Video Contents: Seven videos pertaining to procedures covered in this book are available for viewing.   Go to the first page of this book to get the access code, then visit www.MediaCenter.Thieme,com. When prompted during the registration, enter that access code.

The editors write in the Preface: “The femtosecond laser has emerged as a true game changer, first in corneal refractive where it was introduced for flap creation during LASIK and then from 2008 onward, in cataract surgery. In the industrialized world, cataract surgery is the most frequently performed invasive procedure, far ahead of the implantation of artificial hips and knees as well as of the removal of inflamed appendices and gall bladders.
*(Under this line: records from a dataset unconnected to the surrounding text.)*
Lemma assignment_glue (c : B -> nat) (L T : {set A}) (f1 f2 : A -> B) :
  assignment c T f1 -> assignment (residual c T) (L :\: T) f2 ->
  assignment c L (fun a => if a \in T then f1 a else f2 a).
Proof.
move=> [f1e f1c] [f2e f2c]; split=> [a aL | b].
  by case: ifP => aT; [apply: f1e | apply: f2e; rewrite inE aT].
have split_fibre : [set a in L | (if a \in T then f1 a else f2 a) == b]
    \subset [set a in T | f1 a == b] :|: [set a in L :\: T | f2 a == b].
  apply/subsetP => a; rewrite !inE => /andP [aL].
  by case: (a \in T) => /= ->; rewrite ?aL ?orbT.
apply: leq_trans (subset_leq_card split_fibre) _; apply: leq_trans (leq_card_setU _ _) _.
have := f2c b; rewrite /residual; case: ifP => [_ | NTb].
  by rewrite leqn0 => /eqP ->; rewrite addn0.
have -> : [set a in T | f1 a == b] = set0.
  apply/setP => a; rewrite !inE; apply/negbTE/andP => -[aT /eqP f1ab].
  suff : nbhd T b by rewrite NTb.
  by apply/existsP; exists a; rewrite aT -f1ab f1e.
by rewrite cards0.
Qed.

Lemma hall_tight (n : nat) (c : B -> nat) (L T : {set A}) :
  hall_upto n -> #|L| <= n.+1 -> hall_cond c L ->
  T \subset L -> T != set0 -> T != L -> #|T| = \sum_(b | nbhd T b) c b ->
  exists f, assignment c L f.
Proof.
move=> IH hL hc TL Tn0 TnL tight.
have TltL : #|T| < #|L| by apply: proper_card; rewrite properEneq TnL.
have [f1 hf1] := IH c T (leq_trans TltL hL) (fun S ST => hc S (subset_trans ST TL)).
have LTn : #|L :\: T| <= n.
  rewrite cardsD (setIidPr TL) leq_subLR; apply: leq_trans hL _.
  by rewrite -add1n leq_add2r card_gt0.
have [f2 hf2] := IH _ _ LTn (hall_cond_residual hc TL tight).
by exists (fun a => if a \in T then f1 a else f2 a); apply: assignment_glue.
Qed.

Definition no_tight_subset (c : B -> nat) (L : {set A}) : Prop :=
  forall T : {set A}, T \subset L -> T != set0 -> T != L ->
  #|T| < \sum_(b | nbhd T b) c b.

Definition decr (c : B -> nat) (b b' : B) : nat := if b' == b then (c b).-1 else c b'.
Only the number of extracted teeth might in some countries exceed the number of implanted ocular lens. It is common knowledge these days that cataract surgery is always a refractive surgery.”

“Femtosecond laser promises unsurpassed precision, particularly when creating capsulotomies; it seems to be safe and sometimes maybe safer (as studies in endothelial cell loss seem to indicate) than conventional phacoemulsification – and, speaking of phaco, it might make ultrasound application superfluous in many cases. What is truly fascinating about femtosecond laser-assisted cataract surgery (LCS)? We have a genuine all-comers approach, we have a technology that benefits virtually everybody due to its high precision, safety, and excellent results in the hands of an experienced surgeon.”

Among the key features of this volume are the following:

  • Clinical pearls, outcomes, and complications management in femtosecond laser-assisted in situ keratomilieusis surgery
  • Discussion of crucial steps including capsulotomy, lens fragmentation, and corneal incisions
  • The use of femtosecond Laser for prebyopia, pediatric cataract surgery and ocular comorbidities
  • Extensive videos in ThiemeMediaCenter.com that further elucidate techniques
  • More than 300 high-quality illustrations and photos that ad a rich visual dimension

This is an excellent, pioneering, and extensive text on the introduction, spread, and work-in-progress of femtosecond laser technology and surgery in ophthalmology.



Burkhard Dick, MD, PhD is Director of the University Eye Clinic and Chair of Ophthalmology at the University of Bochum in Bochum, Germany.

Ronald D. Gerste, MD, PhD is an Ophthalmologist, Historian, and Science Writer in North Potomac, Maryland.

Tim Schultz, MD, FEBO is an Ophthalmologist at University Hospital Bochum in Bochum, Germany.